● Task item: A line below contains "Definition graph_ok (V", and a later one contains "Fixpoint colT (n". Repeat both, with every line between them, exactly.

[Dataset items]
----------

(* For all graphs $G$ and $H$: if $G$ and $H$ are distinguishable by EB-1WL, then there exist $d\ge1$, $t\ge1$ and a $d$-dimensional EB-GNN $\mathcal{T}$ with $t$ layers such that $\mathcal{T}(G)\neq\mathcal{T}(H)$.
   Context: All graphs are finite, simple and undirected, without isolated vertices; $N(v)$ denotes the neighborhood of $v$. An ordered edge of $G=(V,E)$ is a pair $(u,v)$ with $\{u,v\}\in E$. EB-1WL coloring: $\mathrm{eb}^{(0)}(G,(u,v))=1$ for every ordered edge, and $\mathrm{eb}^{(\ell+1)}(G,(u,v)) = \big(\mathrm{eb}^{(\ell)}(G,(u,v)),\ \{\!\{\mathrm{eb}^{(\ell)}(G,(u,x)) : x\in N(u)\}\!\},\ \{\!\{(\mathrm{eb}^{(\ell)}(G,(u,y)),\mathrm{eb}^{(\ell)}(G,(v,y))) : y\in N(u)\cap N(v)\}\!\},\ \{\!\{\mathrm{eb}^{(\ell)}(G,(v,z)) : z\in N(v)\}\!\}\big)$. $\mathrm{eb}^{(\ell)}(G)$ is the multiset of $\mathrm{eb}^{(\ell)}(G,(u,v))$ over all ordered edges. Graphs are distinguishable by EB-1WL if they have different numbers of vertices or there is $\ell$ with $\mathrm{eb}^{(\ell)}(G)\neq\mathrm{eb}^{(\ell)}(H)$. EB-GNN: a $d$-dimensional EB-GNN $\mathcal{T}$ with $t$ layers is given by real parameters $a_i,b_i,c_i,u_i,v_i\in\mathbb{R}^d$, $A_i,C_i,U_i,V_i\in\mathbb{R}^{d\times d}$, $B_i\in\mathbb{R}^{d\times 2d}$ for $i=1,\dots,t$. On $G$ it computes for every ordered edge $(u,v)$: $f^{(0)}(u,v)=(1,0,\dots,0)^T\in\mathbb{R}^d$, and for $1\le i\le t$: $\alpha^{(i)}(u)=\sum_{x\in N(u)}\mathrm{ReLU}(A_if^{(i-1)}(u,x)+a_i)$, $\beta^{(i)}(u,v)=\sum_{y\in N(u)\cap N(v)}\mathrm{ReLU}\big(B_i\binom{f^{(i-1)}(u,y)}{f^{(i-1)}(v,y)}+b_i\big)$, $\gamma^{(i)}(v)=\sum_{z\in N(v)}\mathrm{ReLU}(C_if^{(i-1)}(v,z)+c_i)$, $g^{(i)}(u,v)=f^{(i-1)}(u,v)+\alpha^{(i)}(u)+\beta^{(i)}(u,v)+\gamma^{(i)}(v)$, $f^{(i)}(u,v)=g^{(i)}(u,v)+V_i\,\mathrm{ReLU}(U_ig^{(i)}(u,v)+u_i)+v_i$, where $\mathrm{ReLU}(x)=\max\{0,x\}$ coordinatewise. The output is $\mathcal{T}(G)=\sum_{(u,v):\{u,v\}\in E}f^{(t)}(u,v)$ (sum over ordered edges). *)

From HB Require Import structures.
From mathcomp Require Import all_boot all_order all_algebra.
From mathcomp Require Import finmap multiset.
From mathcomp Require Import reals Rstruct.
Set Implicit Arguments. Unset Strict Implicit. Unset Printing Implicit Defensive.

Definition graph_ok (V : finType) (e : rel V) : Prop :=
  symmetric e /\ irreflexive e /\ (forall v : V, exists x, e v x).

(* Multisets are
   finmap's {mset _}, so equality of colours is literally equality of these
   tuples with multiset equality. *)
Local Open Scope mset_scope.
Fixpoint colT (n : nat) : choiceType :=
  match n with
  | 0 => unit
  | n.+1 => (colT n * {mset colT n} * {mset (colT n * colT n)%type}
             * {mset colT n})%type
  end.

(* eb l u v : the colour eb^(l)(G,(u,v)); only meaningful for ordered edges
   (u,v) with e u v, and only ever consulted on such pairs. *)
Fixpoint eb (V : finType) (e : rel V) (l : nat) : V -> V -> colT l :=
  match l return V -> V -> colT l with
  | 0 => fun _ _ => tt
  | l.+1 => fun u v =>
      let c := eb e l in
      (c u v,
       seq_mset [seq c u x | x <- enum V & e u x],
       seq_mset [seq (c u y, c v y) | y <- enum V & e u y && e v y],
       seq_mset [seq c v z | z <- enum V & e v z])
  end.

Definition eb_graph (V : finType) (e : rel V) (l : nat) : {mset colT l} :=
  seq_mset [seq eb e l p.1 p.2 | p <- enum [pred p : V * V | e p.1 p.2]].

Definition eb_distinguishable (VG : finType) (eG : rel VG)
    (VH : finType) (eH : rel VH) : Prop :=
  #|VG| <> #|VH| \/ exists l : nat, eb_graph eG l <> eb_graph eH l.

Local Close Scope mset_scope.
Local Open Scope ring_scope.
Notation R := Rdefinitions.R.

Record layer (d : nat) := Layer {
  la : 'cV[R]_d; lb : 'cV[R]_d; lc : 'cV[R]_d; lu : 'cV[R]_d; lv : 'cV[R]_d;
  mA : 'M[R]_d; mB : 'M[R]_(d, d + d); mC : 'M[R]_d; mU : 'M[R]_d; mV : 'M[R]_d
}.

Definition relu (d : nat) (x : 'cV[R]_d) : 'cV[R]_d :=
  map_mx (fun r : R => Num.max r 0) x.

Definition f0 (V : finType) (d : nat) : V -> V -> 'cV[R]_d :=
  fun _ _ => \col_(i < d) (if val i == 0%N then 1 else 0).

Definition layer_step (V : finType) (e : rel V) (d : nat) (L : layer d)
    (f : V -> V -> 'cV[R]_d) : V -> V -> 'cV[R]_d :=
  fun u v =>
    let alpha := \sum_(x : V | e u x) relu (mA L *m f u x + la L) in
    let beta  := \sum_(y : V | e u y && e v y)
                    relu (mB L *m col_mx (f u y) (f v y) + lb L) in
    let gamma := \sum_(z : V | e v z) relu (mC L *m f v z + lc L) in
    let g := f u v + alpha + beta + gamma in
    g + mV L *m relu (mU L *m g + lu L) + lv L.

Definition gnn_f (V : finType) (e : rel V) (d : nat) (net : seq (layer d)) :
    V -> V -> 'cV[R]_d :=
  foldl (fun f L => layer_step e L f) (@f0 V d) net.

Definition gnn_out (V : finType) (e : rel V) (d : nat) (net : seq (layer d)) :
    'cV[R]_d :=
  \sum_(u : V) \sum_(v : V | e u v) gnn_f e net u v.

From HB Require Import structures.
From mathcomp Require Import all_boot all_order all_algebra.
From mathcomp Require Import finmap multiset.
From mathcomp Require Import reals Rstruct.
From mathcomp Require Import ring lra zify.
Set Implicit Arguments. Unset Strict Implicit. Unset Printing Implicit Defensive.
Import Order.TTheory GRing.Theory Num.Theory.
Local Open Scope mset_scope.
Local Open Scope ring_scope.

----------

● Answer to the problem:
Definition graph_ok (V : finType) (e : rel V) : Prop :=
  symmetric e /\ irreflexive e /\ (forall v : V, exists x, e v x).

(* Multisets are
   finmap's {mset _}, so equality of colours is literally equality of these
   tuples with multiset equality. *)
Local Open Scope mset_scope.
Fixpoint colT (n : nat) : choiceType :=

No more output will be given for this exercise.